New home prices in China’s four major cities rose the most since January 2011 last month, led by a 19 percent jump in Guangzhou, as the government refrains from imposing further curbs to cool the market.
Beijing and Shanghai prices climbed 15 percent from a year earlier, while in Shenzhen they gained 18 percent, the National Bureau of Statistics said in a statement today. Prices rose in 69 of 70 cities tracked by the government, the same as in July.
Premier Li Keqiang has come up with no additional measures to rein in property prices since his predecessor Wen Jiabao stepped up a three-year campaign in March to cool the housing market, ordering the central bank to raise down-payment requirements for second mortgages in cities with excessive cost gains. Thirty-five provincial cities have set annual home-price targets this year, mostly capping gains at the growth rate of local disposable incomes.
“The government is unlikely to take strong action nationwide to curb the property market, as that may damp economic growth,” said Zhu Haibin, Hong Kong-based chief China economist with JPMorgan Chase & Co. in a phone interview today. “But local governments should come up with their own property policies by tightening in major cities and making some adjustments in smaller ones that have too much housing supply.”

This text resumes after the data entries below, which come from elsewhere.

(* Let $P$ be a finite lattice and $R,R'\in\mathrm{Tr}(P)$ with $\chi^R=\chi^{R'}$. Then $\chi^{R\wedge R'}=\chi^R=\chi^{R'}$, where $R\wedge R'$ is the meet (intersection of relations) in $\mathrm{Tr}(P)$.
   Context: For a finite lattice $(P,\le)$, a transfer system on $P$ is a partial order $R$ on $P$ refining $\le$ that is closed under restriction: if $x\,R\,z$ and $y\le z$ then $(x\wedge y)\,R\,y$. $\mathrm{Tr}(P)$ is the lattice of transfer systems ordered by inclusion of relations. For $R\in\mathrm{Tr}(P)$ and $x\in P$, $\chi^R(x)$ denotes the least element of $\{y\in P: y\,R\,x\}$ (which exists). *)

From mathcomp Require Import all_boot all_order.
Set Implicit Arguments. Unset Strict Implicit. Unset Printing Implicit Defensive.
Import Order.Theory.
Local Open Scope order_scope.

Definition transfer_system d (P : finLatticeType d) (R : rel P) : Prop :=
  [/\ reflexive R, antisymmetric R, transitive R,
      (forall x y, R x y -> x <= y) &
      (forall x y z, R x z -> y <= z -> R (x `&` y) y)].

Definition tr_meet d (P : finLatticeType d) (R R' : rel P) : rel P :=
  fun x y => R x y && R' x y.

Definition is_chi d (P : finLatticeType d) (R : rel P) (x y : P) : Prop :=
  R y x /\ (forall z, R z x -> y <= z).

(* The least element exists (as stated in the paper), so chi^R is a function;
   we define it by choice on the (finite, decidable) least-element predicate. *)
Definition chi d (P : finLatticeType d) (R : rel P) (x : P) : P :=
  odflt x [pick y | R y x && [forall z, R z x ==> (y <= z)]].

From mathcomp Require Import all_boot all_order.
Set Implicit Arguments. Unset Strict Implicit. Unset Printing Implicit Defensive.
Import Order.Theory.
Local Open Scope order_scope.

(* For a transfer system R and x in P, the set {y | y R x} of
   R-predecessors of x contains x and is closed under binary meets (restrict
   y R x along z <= x, then compose with z R x).  In a finite lattice such a set
   has a least element, namely the meet of all its members; so chi^R(x) really
   is the least R-predecessor of x, and this characterises it uniquely.
   Now if chi^R = chi^R', then c := chi^R(x) = chi^R'(x) is both an R- and an
   R'-predecessor of x, hence an (R /\ R')-predecessor; and it lies below every
   (R /\ R')-predecessor since those are in particular R-predecessors.  Hence c
   is the least (R /\ R')-predecessor of x, i.e. chi^(R /\ R')(x) = c. *)

Lemma meet_closed_least d (P : finLatticeType d) (A : pred P) (x0 : P) :
  x0 \in A -> (forall a b, a \in A -> b \in A -> a `&` b \in A) ->
  exists2 m, m \in A & forall z, z \in A -> m <= z.
Proof.
move=> Ax0 meetA.
have foldA s : all (mem A) s ->
    foldr Order.meet x0 s \in A /\ forall z, z \in s -> foldr Order.meet x0 s <= z.
  elim: s => [|a s IH] /=; first by [].
  move=> /andP[Aa /IH[As les]]; split; first exact: meetA.
  move=> z; rewrite in_cons => /orP[/eqP->|zs]; first exact: leIl.
  exact: le_trans (leIr _ _) (les z zs).
have [Am lem] : foldr Order.meet x0 (enum A) \in A /\
    forall z, z \in enum A -> foldr Order.meet x0 (enum A) <= z.
  by apply: foldA; apply/allP => y; rewrite mem_enum.
by exists (foldr Order.meet x0 (enum A)) => // z Az; apply: lem; rewrite mem_enum.
Qed.

Lemma chi_eq d (P : finLatticeType d) (R : rel P) (x c : P) :
  is_chi R x c -> chi R x = c.
Proof.
move=> [Rcx leastc]; rewrite /chi; case: pickP => [y /andP[Ryx /forallP ley]|none] /=.
  by apply: le_anti; rewrite leastc //= (implyP (ley c)).
have := none c; rewrite Rcx /= => /negP[].
by apply/forallP => z; apply/implyP => /leastc.
Qed.

Section TransferSystem.

Variables (d : Order.disp_t) (P : finLatticeType d) (R : rel P).
Hypothesis TR : transfer_system R.

Lemma pred_meet_closed (x a b : P) : R a x -> R b x -> R (a `&` b) x.
Proof.
case: TR => _ _ transR leR restrR Rax Rbx.
exact: transR (restrR _ _ _ Rax (leR _ _ Rbx)) Rbx.
Qed.

Lemma chi_spec (x : P) : is_chi R x (chi R x).
Proof.
case: TR => reflR _ _ _ _.
have [m Rmx leastm] := meet_closed_least (A := fun y => R y x) (reflR x)
  (fun a b => @pred_meet_closed x a b).
by rewrite (@chi_eq _ _ R x m).
Qed.

End TransferSystem.

Theorem lemma2p11 (d : Order.disp_t) (P : finLatticeType d) (R R' : rel P) :
  transfer_system R -> transfer_system R' ->
  chi R =1 chi R' ->
  chi (tr_meet R R') =1 chi R /\ chi (tr_meet R R') =1 chi R'.
Proof.
move=> TR TR' chiRR'.
have chi_meet : chi (tr_meet R R') =1 chi R.
  move=> x; have [Rcx leastc] := chi_spec TR x.
  have [R'cx _] := chi_spec TR' x.
  apply: chi_eq; split; first by rewrite /tr_meet Rcx chiRR' R'cx.
  by move=> z /andP[Rzx _]; apply: leastc.
by split=> // x; rewrite chi_meet chiRR'.
Qed.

A gauge tracking property stocks on the Shanghai Composite Index rose 2.2 percent at the close of trading, the best performer among the five industry groups on the benchmark, which closed 0.3 percent higher.
All four of the country’s major cities had their biggest gains since the government changed its methodology for the data in January 2011. For the fourth month in a row, the eastern city of Wenzhou was the only one to post a decline, with prices dropping 2.1 percent from last year.
The rally of home prices in major cities will probably continue because September and October are the traditional peak season for property sales in China, said JPMorgan’s Zhu.
Existing home prices rose 16 percent in Beijing last month from a year earlier and increased 11 percent in Shanghai and Guangzhou, according to the data.
Private data have shown rising housing values. Home prices jumped 8.6 percent from a year earlier last month, the biggest gain since December, according to SouFun Holdings Ltd., the nation’s largest real estate website owner.
A rally in the land market also fueled home prices, according to SouFun. A residential land parcel in Beijing sold at a record price 73,000 yuan ($11,924) per square meter (10.76 square feet) on Sept. 4, while Sun Hung Kai Properties Ltd., Hong Kong’s biggest developer by market value, bought a site in Shanghai for 21.8 billion yuan in an auction the next day, a record price in that city.
New home prices rose in 66 out of 70 cities in August from a month earlier, according to today’s data. That compared with 62 cities in July.
The value of home sales fell for a second month in August to 514.6 billion yuan, the statistics bureau reported Aug. 9.
The government is expected to release a “long-term mechanism” for stable and healthy property-market development in about three months, the official Xinhua News agency reported on Aug. 15, citing Zhu Zhongyi, the deputy head of the China Real Estate Industry Association.
China’s “long-term” property policies, on which the government hasn’t elaborated, may include acceleration of shantytown redevelopment and property taxes in more cities, according to Citigroup Inc.
Smaller cities have taken their policies in different directions. The eastern city of Wenzhou is “fine tuning” its home purchase restrictions by allowing second-home purchases by qualified local residents, Xinhua reported on Aug. 15, citing a local housing bureau official. The northern city of Zhengzhou banned residents under 20 years old from buying homes, the Securities Times reported on Sept 3.
Wang Jianlin, China’s richest man and owner of closely held Dalian Wanda Group, the country’s biggest commercial land developer, is seeing an overheated real estate market.
The property market is “definitely” in a bubble, though it is “controllable” and not big, Wang said in an interview on Sept. 11 before the World Economic Forum in Dalian, in the country’s northeast.